PROBLEM: Only the lines from the opening of the material through the one containing "From mathcomp Require" should be reproduced, each exactly as it stands.

RECORDS FOR THE TASK:
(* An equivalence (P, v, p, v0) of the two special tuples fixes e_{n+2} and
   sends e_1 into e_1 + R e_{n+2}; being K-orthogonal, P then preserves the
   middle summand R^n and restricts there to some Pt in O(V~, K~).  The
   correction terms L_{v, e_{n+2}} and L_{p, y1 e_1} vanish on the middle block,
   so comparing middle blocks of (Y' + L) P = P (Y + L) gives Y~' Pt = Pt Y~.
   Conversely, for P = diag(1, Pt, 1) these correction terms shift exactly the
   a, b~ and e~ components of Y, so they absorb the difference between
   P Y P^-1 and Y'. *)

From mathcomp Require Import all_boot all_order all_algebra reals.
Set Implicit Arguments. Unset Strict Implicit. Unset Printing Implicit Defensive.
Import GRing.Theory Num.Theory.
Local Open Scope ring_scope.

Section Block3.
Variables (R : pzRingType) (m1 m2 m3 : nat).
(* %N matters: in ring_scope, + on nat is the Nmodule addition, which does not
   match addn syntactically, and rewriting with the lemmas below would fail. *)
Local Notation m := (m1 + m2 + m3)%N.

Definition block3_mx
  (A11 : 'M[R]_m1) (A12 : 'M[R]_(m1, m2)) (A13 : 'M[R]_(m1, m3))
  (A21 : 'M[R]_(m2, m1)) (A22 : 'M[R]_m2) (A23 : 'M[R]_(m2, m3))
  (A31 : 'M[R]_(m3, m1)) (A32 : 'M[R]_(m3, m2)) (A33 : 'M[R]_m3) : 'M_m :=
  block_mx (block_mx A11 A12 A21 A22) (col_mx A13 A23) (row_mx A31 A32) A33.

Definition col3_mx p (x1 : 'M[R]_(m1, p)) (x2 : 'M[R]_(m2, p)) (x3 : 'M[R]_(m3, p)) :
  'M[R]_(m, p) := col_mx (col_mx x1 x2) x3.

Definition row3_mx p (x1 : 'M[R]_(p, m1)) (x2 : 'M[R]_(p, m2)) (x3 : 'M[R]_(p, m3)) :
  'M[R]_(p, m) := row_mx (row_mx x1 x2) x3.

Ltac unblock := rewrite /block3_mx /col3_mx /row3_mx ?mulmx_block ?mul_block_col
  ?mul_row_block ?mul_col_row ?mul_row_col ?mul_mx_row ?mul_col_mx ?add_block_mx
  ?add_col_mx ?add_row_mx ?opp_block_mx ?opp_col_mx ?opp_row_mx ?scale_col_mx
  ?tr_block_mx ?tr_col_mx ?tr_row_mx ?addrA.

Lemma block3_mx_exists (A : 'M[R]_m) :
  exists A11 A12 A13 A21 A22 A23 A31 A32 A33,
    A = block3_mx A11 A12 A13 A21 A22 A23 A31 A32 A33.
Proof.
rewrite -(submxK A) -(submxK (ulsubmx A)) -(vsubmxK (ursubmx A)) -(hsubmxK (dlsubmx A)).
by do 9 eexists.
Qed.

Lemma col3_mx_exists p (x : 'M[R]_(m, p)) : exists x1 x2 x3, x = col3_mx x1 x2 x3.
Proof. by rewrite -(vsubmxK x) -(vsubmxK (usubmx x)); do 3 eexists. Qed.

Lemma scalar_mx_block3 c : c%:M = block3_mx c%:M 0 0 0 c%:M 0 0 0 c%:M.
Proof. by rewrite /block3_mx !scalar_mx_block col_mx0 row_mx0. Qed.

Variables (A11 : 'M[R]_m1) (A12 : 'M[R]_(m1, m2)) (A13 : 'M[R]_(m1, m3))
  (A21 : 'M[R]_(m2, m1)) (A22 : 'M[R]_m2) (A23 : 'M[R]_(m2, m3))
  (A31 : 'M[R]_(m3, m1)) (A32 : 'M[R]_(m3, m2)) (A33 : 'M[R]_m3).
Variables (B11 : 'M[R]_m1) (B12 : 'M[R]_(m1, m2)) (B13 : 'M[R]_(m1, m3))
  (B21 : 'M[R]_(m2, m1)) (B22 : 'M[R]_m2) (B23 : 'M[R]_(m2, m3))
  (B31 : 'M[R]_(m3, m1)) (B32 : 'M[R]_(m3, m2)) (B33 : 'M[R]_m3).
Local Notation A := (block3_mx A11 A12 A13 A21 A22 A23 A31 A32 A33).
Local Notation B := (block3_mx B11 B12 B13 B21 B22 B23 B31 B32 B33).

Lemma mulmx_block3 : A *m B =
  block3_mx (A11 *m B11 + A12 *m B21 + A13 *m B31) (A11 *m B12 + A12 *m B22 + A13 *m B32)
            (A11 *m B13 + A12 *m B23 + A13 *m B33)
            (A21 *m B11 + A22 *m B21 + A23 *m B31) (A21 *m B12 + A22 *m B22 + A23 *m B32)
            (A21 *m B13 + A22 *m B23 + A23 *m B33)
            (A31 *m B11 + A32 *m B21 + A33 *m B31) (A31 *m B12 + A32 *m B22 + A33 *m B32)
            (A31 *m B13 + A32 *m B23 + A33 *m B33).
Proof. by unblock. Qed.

ANSWER BOX:
(* An equivalence (P, v, p, v0) of the two special tuples fixes e_{n+2} and
   sends e_1 into e_1 + R e_{n+2}; being K-orthogonal, P then preserves the
   middle summand R^n and restricts there to some Pt in O(V~, K~).  The
   correction terms L_{v, e_{n+2}} and L_{p, y1 e_1} vanish on the middle block,
   so comparing middle blocks of (Y' + L) P = P (Y + L) gives Y~' Pt = Pt Y~.
   Conversely, for P = diag(1, Pt, 1) these correction terms shift exactly the
   a, b~ and e~ components of Y, so they absorb the difference between
   P Y P^-1 and Y'. *)

From mathcomp Require Import all_boot all_order all_algebra reals.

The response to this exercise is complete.